Problem to work on:
Up to and including the line that contains "((a == b)%:R + (a == c)%:R", reproduce every line exactly, beginning with the first line below.

Data:

Lemma sum_pairings (R : pzSemiRingType) m :
  \sum_(a < m) \sum_(b < m) \sum_(c < m) \sum_(d < m)
   (((a == b) && (c == d))%:R + ((a == c) && (b == d))%:R +
    ((a == d) && (b == c))%:R) = 3 * m%:R ^+ 2 :> R.
Proof.
have sum_andr (u : bool) (x : 'I_m) : \sum_(d < m) (u && (x == d))%:R = u%:R :> R.
  by case: u; rewrite /= ?sum_natr_eq ?big1.
transitivity (\sum_(a < m) \sum_(b < m) \sum_(c < m)
   ((a == b)%:R + (a == c)%:R + (b == c)%:R : R)).
  apply: eq_bigr => a _; apply: eq_bigr => b _; apply: eq_bigr => c _.
  rewrite !big_split /= !sum_andr.
  by under eq_bigr do rewrite andbC; rewrite sum_andr.
transitivity (\sum_(a < m) \sum_(b < m) ((a == b)%:R *+ m + 2%:R : R)).
  apply: eq_bigr => a _; apply: eq_bigr => b _.
  by rewrite !big_split /= sumr_const card_ord !sum_natr_eq -addrA.
transitivity (\sum_(a < m) (3%:R *+ m : R)).
  apply: eq_bigr => a _; rewrite big_split /= sumrMnl sum_natr_eq.
  by rewrite sumr_const card_ord -mulrnDl -[3%:R]natr1 addrC.
by rewrite sumr_const card_ord -mulrnA -(mulr_natr (3 : R) (m * m)) natrM expr2.
Qed.

Section FourthMoment.
Context {R : realType} {V : finType} {q z : V -> R}.
Hypotheses (q_ge0 : forall v, 0 <= q v) (q_sum1 : \sum_v q v = 1).
Hypotheses (z_le1 : forall v, `|z v| <= 1) (z_centered : \sum_v q v * z v = 0).

Let moment e := \sum_v q v * z v ^+ e.

Lemma prod_moments_le m (a b c d : 'I_m) :
  \prod_k moment ((k == a) + (k == b) + (k == c) + (k == d))%N <=
  ((a == b) && (c == d))%:R + ((a == c) && (b == d))%:R +
  ((a == d) && (b == c))%:R.
Proof.
have moment_le1 e : `|moment e| <= 1.
  rewrite -q_sum1 /moment; apply: le_trans (ler_norm_sum _ _ _) _.
  apply: ler_sum => v _; rewrite normrM normrX ger0_norm //.
  by rewrite ler_piMr // exprn_ile1.
(* A lone index contributes the factor [moment 1 = 0]. *)
have [paired|/lone_index[k mult1]] :=
  boolP [|| (a == b) && (c == d), (a == c) && (b == d) | (a == d) && (b == c)].
  apply: le_trans (_ : 1 <= _).
    apply: le_trans (ler_norm _) _; rewrite normr_prod.
    by apply: prodr_ile1 => k _; rewrite normr_ge0 moment_le1.
  have := ler0n R ((a == b) && (c == d)); have := ler0n R ((a == c) && (b == d)).
  have := ler0n R ((a == d) && (b == c)).
  by case/or3P: paired => -> /=; lra.
have moment1 : moment 1 = 0 by rewrite -z_centered; apply: eq_bigr => v _.
by rewrite (bigD1 k) //= mult1 moment1 mul0r !addr_ge0.
Qed.

Lemma centered_sum_moment4_le m :
  \sum_(g : {ffun 'I_m -> V}) (\prod_k q (g k)) * (\sum_k z (g k)) ^+ 4
    <= 3 * m%:R ^+ 2.
Proof.
have prod_moments a b c d : \sum_(g : {ffun 'I_m -> V})
    (\prod_k q (g k)) * (z (g a) * z (g b) * z (g c) * z (g d)) =
    \prod_k moment ((k == a) + (k == b) + (k == c) + (k == d))%N.
  have prod_expr_eq (F : 'I_m -> R) (a' : 'I_m) : \prod_k F k ^+ (k == a') = F a'.
    rewrite (bigD1 a') //= eqxx expr1 big1 ?mulr1 // => k /negbTE ->.
    by rewrite expr0.
  (* The coordinates of [g] are independent under the product weights. *)
  rewrite /moment bigA_distr_bigA; apply: eq_bigr => g _.
  rewrite big_split /=; congr (_ * _).
  by under eq_bigr do rewrite !exprD; rewrite !big_split /= !prod_expr_eq.
rewrite -sum_pairings.
under eq_bigr do rewrite expr4_sum mulr_sumr.
rewrite exchange_big; apply: ler_sum => a _.
under eq_bigr do rewrite mulr_sumr.
rewrite exchange_big; apply: ler_sum => b _.
under eq_bigr do rewrite mulr_sumr.
rewrite exchange_big; apply: ler_sum => c _.
under eq_bigr do rewrite mulr_sumr.
rewrite exchange_big; apply: ler_sum => d _.
by rewrite prod_moments prod_moments_le.
Qed.

End FourthMoment.

(** * Strong law of large numbers for finite-valued i.i.d. sequences *)

Lemma measure_bigsetU_seq (R : realType) d (T : measurableType d)
    (mu : {measure set T -> \bar R}) (I : choiceType) (r : seq I) (P : pred I)
    (E : I -> set T) :
  uniq r -> (forall i, measurable (E i)) ->
  (forall i j, i != j -> E i `&` E j = set0) ->
  mu (\big[setU/set0]_(i <- r | P i) E i) = (\sum_(i <- r | P i) mu (E i))%E.
Proof.
move=> + mE disjE; elim: r => [|i r IH] /=; first by rewrite !big_nil measure0.
case/andP => i_notin_r r_uniq; rewrite !big_cons; case: (P i); last exact: IH.
rewrite measureU //; first by congr (_ + _); exact: IH.
  exact: bigsetU_measurable.
rewrite -bigcup_seq_cond; apply/seteqP; split => t //= [Et [j /andP[jr _] Ejt]].
have ij : i != j by apply: contraNneq i_notin_r => ->.
by have := disjE _ _ ij; rewrite -subset0 => /(_ t); apply.
Qed.

Lemma sum_inv_sq_le (R : realFieldType) N :
  \sum_(0 <= i < N) ((i.+1)%:R ^+ 2)^-1 <= 2 - 2 / (N.+1)%:R :> R.
Proof.
elim: N => [|N IH]; first by rewrite big_nil mulr1n invr1 mulr1 subrr.
rewrite big_nat_recr //=; apply: le_trans (lerD IH (lexx _)) _.
set x : R := (N.+1)%:R.
have x_ge1 : 1 <= x by rewrite /x ler1n.
have -> : (N.+2)%:R = x + 1 :> R by rewrite /x -natr1.
rewrite -subr_ge0.
have -> : 2 - 2 / (x + 1) - (2 - 2 / x + (x ^+ 2)^-1) =
    (x - 1) / (x ^+ 2 * (x + 1)).
  by field; apply/andP; split; rewrite gt_eqF //; lra.
by rewrite divr_ge0 ?subr_ge0 // mulr_ge0 ?sqr_ge0 //; lra.
Qed.

Section FiniteIIDSequence.
Variables (R : realType) (d : measure_display) (T : measurableType d).
Variables (Pr : probability T R) (V : finType) (Z : nat -> T -> V) (q : V -> R).

Definition sample m t : {ffun 'I_m -> V} := [ffun i : 'I_m => Z i t].

Definition cylinder {m} (g : {ffun 'I_m -> V}) : set T := sample m @^-1` [set g].

Lemma cylinder0 (g : {ffun 'I_0 -> V}) : cylinder g = setT.
Proof. by apply/seteqP; split => t // _; apply/ffunP => -[]. Qed.

Lemma cylinder_bigcap m (g : {ffun 'I_m.+1 -> V}) :
  cylinder g = \big[setI/setT]_(0 <= k < m.+1) [set t | Z k t = g (inord k)].
Proof.
rewrite -bigcap_seq; apply/seteqP; split => t /=.
  move=> /ffunP sample_g k /=; rewrite mem_index_iota => /andP[_ k_lt].
  by have := sample_g (inord k); rewrite ffunE inordK.
move=> Zg; apply/ffunP => i; rewrite ffunE -[in RHS](inord_val i); apply: Zg.
by rewrite /= mem_index_iota /=.
Qed.

Lemma sample_preimage m (B : pred {ffun 'I_m -> V}) :
  [set t | B (sample m t)] =
  \big[setU/set0]_(g <- enum {ffun 'I_m -> V} | B g) cylinder g.
Proof.
rewrite -bigcup_seq_cond; apply/seteqP; split => t /=.
  by move=> Bt; exists (sample m t); rewrite /= ?mem_enum ?Bt.
by move=> [g /andP[_ Bg] /= ->].
Qed.

Lemma freq_sample_event (h : R -> bool) v m :
  [set t | h (freq (Z^~ t) v m)] =
  [set t | (fun g => h (m%:R^-1 * \sum_(k < m) (g k == v)%:R)) (sample m t)].
Proof.
by apply/seteqP; split => t; rewrite /= /freq; under eq_bigr do rewrite ffunE.
Qed.

Hypothesis measurable_Z : forall k v, measurable [set t | Z k t = v].

Lemma measurable_cylinder m (g : {ffun 'I_m -> V}) : measurable (cylinder g).
Proof.
case: m g => [|m] g; first by rewrite cylinder0.
by rewrite cylinder_bigcap; apply: bigsetI_measurable => k _.
Qed.

Lemma measurable_sample_event m (B : pred {ffun 'I_m -> V}) :
  measurable [set t | B (sample m t)].
Proof.
rewrite sample_preimage; apply: bigsetU_measurable => g _.
exact: measurable_cylinder.
Qed.

Lemma measurable_freq_event (h : R -> bool) v m :
  measurable [set t | h (freq (Z^~ t) v m)].
Proof.
rewrite (freq_sample_event h).
exact: (measurable_sample_event _
  (fun g => h (m%:R^-1 * \sum_(k < m) (g k == v)%:R))).
Qed.

Hypothesis Z_iid : forall (s : seq nat) (f : nat -> V), uniq s ->
  Pr (\big[setI/setT]_(k <- s) [set t | Z k t = f k]) =
  (\prod_(k <- s) q (f k))%:E.

Lemma cylinder_prob m (g : {ffun 'I_m -> V}) :
  Pr (cylinder g) = (\prod_i q (g i))%:E.
Proof.
case: m g => [|m] g; first by rewrite cylinder0 probability_setT big_ord0.
rewrite cylinder_bigcap Z_iid ?iota_uniq // big_mkord.
by congr (_%:E); apply: eq_bigr => i _; rewrite inord_val.
Qed.

Lemma sample_prob m (B : pred {ffun 'I_m -> V}) :
  Pr [set t | B (sample m t)] = (\sum_(g | B g) \prod_i q (g i))%:E.
Proof.
rewrite sample_preimage measure_bigsetU_seq ?enum_uniq //; last 2 first.
- exact: measurable_cylinder.
- move=> g g' /eqP gg'; apply/seteqP; split => t // [].
  by rewrite /cylinder /preimage /set1 /= => -> /gg'.
transitivity (\sum_(g <- enum {ffun 'I_m -> V} | B g) (\prod_i q (g i))%:E)%E.
  by apply: eq_bigr => g _; exact: cylinder_prob.
by rewrite sumEFin big_enum_cond.
Qed.

Hypotheses (q_ge0 : forall v, 0 <= q v) (q_sum1 : \sum_v q v = 1).

Lemma indicator_dev_le1 v w : `|(w == v)%:R - q v| <= 1.
Proof.
have qv_le1 : q v <= 1 by rewrite -q_sum1 (bigD1 v) //= lerDl sumr_ge0.
by rewrite ler_norml; case: (w == v) => /=; have := q_ge0 v; lra.
Qed.

Lemma indicator_dev_centered v : \sum_w q w * ((w == v)%:R - q v) = 0.
Proof.
under eq_bigr do rewrite mulrBr; rewrite sumrB -mulr_suml q_sum1 mul1r.
rewrite (bigD1 v) //= eqxx mulr1 big1 ?addr0 ?subrr // => w /negbTE ->.
by rewrite mulr0.
Qed.

Lemma freq_dev_prob v {m} {eps : R} : (0 < m)%N -> 0 < eps ->
  (Pr [set t | (eps <= `|freq (Z^~ t) v m - q v|)%R] <=
   (3 / eps ^+ 4 / m%:R ^+ 2)%:E)%E.
Proof.
move=> m_gt0 eps_gt0; have m_pos : 0 < m%:R :> R by rewrite ltr0n.
pose dev (g : {ffun 'I_m -> V}) := m%:R^-1 * \sum_(k < m) (g k == v)%:R - q v.
pose z w := (w == v)%:R - q v.
have z_sum (g : {ffun 'I_m -> V}) : \sum_(k < m) z (g k) = m%:R * dev g.
  rewrite sumrB sumr_const card_ord mulrBr mulrA mulfV ?gt_eqF //.
  by rewrite mul1r mulr_natl.
(* Markov's inequality for the fourth power of the centred count [m * dev g]. *)
pose c := (m%:R * eps) ^+ 4.
have c_gt0 : 0 < c by rewrite exprn_gt0 // mulr_gt0.
rewrite (freq_sample_event (fun x => eps <= `|x - q v|)).
rewrite (sample_prob _ (fun g => eps <= `|dev g|)) lee_fin.
apply: (@le_trans _ _
  (\sum_(g : {ffun 'I_m -> V}) (\prod_i q (g i)) * ((\sum_k z (g k)) ^+ 4 / c))).
  rewrite [leRHS](bigID (fun g => eps <= `|dev g|)) /= -[leLHS]addr0.
  apply: lerD; last first.
    apply: sumr_ge0 => g _.
    by rewrite mulr_ge0 ?divr_ge0 ?prodr_ge0 ?exprn_even_ge0 ?(ltW c_gt0).
  apply: ler_sum => g dev_ge; rewrite ler_peMr ?prodr_ge0 // ler_pdivlMr // mul1r.
  rewrite z_sum; have -> : (m%:R * dev g) ^+ 4 = `|m%:R * dev g| ^+ 4.
    by rewrite -normrX ger0_norm // -[4%N]/(2 * 2)%N exprM sqr_ge0.
  rewrite /c; apply: lerXn2r; rewrite ?nnegrE ?normr_ge0 //.
    by rewrite mulr_ge0 ?(ltW m_pos) ?(ltW eps_gt0).
  by rewrite normrM (ger0_norm (ltW m_pos)) ler_pM2l.
under eq_bigr do rewrite mulrA; rewrite -mulr_suml.
have moment4_le := centered_sum_moment4_le q_ge0 q_sum1
  (indicator_dev_le1 v) (indicator_dev_centered v) m.
apply: le_trans (ler_wpM2r _ moment4_le) _; first by rewrite invr_ge0 ltW.
suff -> : 3 * m%:R ^+ 2 / c = 3 / eps ^+ 4 / m%:R ^+ 2 by [].
by rewrite /c; field; rewrite !gt_eqF.
Qed.

Lemma freq_eventually_close v (eps : R) : 0 < eps ->
  {ae Pr, forall t, exists N, forall m, (N <= m)%N ->
    `|freq (Z^~ t) v m - q v| < eps}.
Proof.
move=> eps_gt0.
pose F k := [set t | (eps <= `|freq (Z^~ t) v k.+1 - q v|)%R].
have mF k : measurable (F k).
  exact: measurable_freq_event (fun x => eps <= `|x - q v|) v k.+1.
(* Borel-Cantelli: by [freq_dev_prob], [Pr (F k) = O(1/k^2)]. *)
have sumF : (\sum_(k <oo) Pr (F k) < +oo)%E.
  apply: (@le_lt_trans _ _ (2 * (3 / eps ^+ 4))%:E); last exact: ltry.
  apply: lime_le; first by apply: is_cvg_nneseries => k _ _; exact: measure_ge0.
  apply: nearW => N.
  apply: (@le_trans _ _ (\sum_(0 <= k < N) (3 / eps ^+ 4 / (k.+1)%:R ^+ 2)%:E)%E).
    by apply: lee_sum => k _; apply: (freq_dev_prob v (ltn0Sn k) eps_gt0).
  rewrite sumEFin lee_fin -mulr_sumr [leRHS]mulrC ler_wpM2l //.
    by rewrite divr_ge0 ?exprn_ge0 ?(ltW eps_gt0).
  by apply: le_trans (sum_inv_sq_le R N) _; rewrite lerBlDr lerDl.
exists (lim_sup_set F); split.
- by apply: bigcap_measurable => // k _; exact: bigcup_measurable.
- exact: lim_sup_set_cvg0.
move=> t /= not_close N _; apply: contrapT => never_far; apply: not_close.
exists N.+1 => -[//|k] /ltnSE Nk; rewrite ltNge; apply/negP => Fk.
by apply: never_far; exists k.
Qed.

Theorem freq_cvg_ae :
  {ae Pr, forall t, forall v, freq (Z^~ t) v m @[m --> \oo] --> q v}.
Proof.
have close : {ae Pr, forall t, forall (r : nat) v, exists N, forall m,
    (N <= m)%N -> `|freq (Z^~ t) v m - q v| < r.+1%:R^-1}.
  apply: ae_foralln => r; apply: filter_forall => v.
  exact: freq_eventually_close.
apply: filterS close => t close v; apply/cvgrPdist_lt => e e_gt0.
have [r r_lt_e] : exists r : nat, r.+1%:R^-1 < e.
  exists (Num.truncn e^-1); have := truncnS_gt e^-1.
  by rewrite -ltf_pV2 ?posrE ?invr_gt0 ?ltr0n // invrK.
have [N closeN] := close r v; exists N => // m /= Nm.
by rewrite distrC; apply: lt_trans (closeN m Nm) r_lt_e.
Qed.

End FiniteIIDSequence.

Arguments freq_cvg_ae {R d T Pr V Z q}.

Definition pair_law {R : realType} {n : nat} (A : 'M[R]_n) (i j : 'I_n) : R :=
  n%:R^-1 * transP A i j.

Section RandomWalk.
Context {R : realType} {n : nat} {A : 'M[R]_n}.

Lemma fbQ_entry : (forall j, nu A j != 0) ->
  forall i j, fbQ A i j = \sum_l transP A i l * (nu A l)^-1 * transP A j l.
Proof.
move=> nu_neq0 i j; rewrite /fbQ invmx_diag_mx => [|k]; last by rewrite mxE.
by rewrite !mxE; apply: eq_bigr => l _; rewrite mul_mx_diag !mxE.
Qed.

Solution:
Lemma sum_pairings (R : pzSemiRingType) m :
  \sum_(a < m) \sum_(b < m) \sum_(c < m) \sum_(d < m)
   (((a == b) && (c == d))%:R + ((a == c) && (b == d))%:R +
    ((a == d) && (b == c))%:R) = 3 * m%:R ^+ 2 :> R.
Proof.
have sum_andr (u : bool) (x : 'I_m) : \sum_(d < m) (u && (x == d))%:R = u%:R :> R.
  by case: u; rewrite /= ?sum_natr_eq ?big1.
transitivity (\sum_(a < m) \sum_(b < m) \sum_(c < m)
   ((a == b)%:R + (a == c)%:R + (b == c)%:R : R)).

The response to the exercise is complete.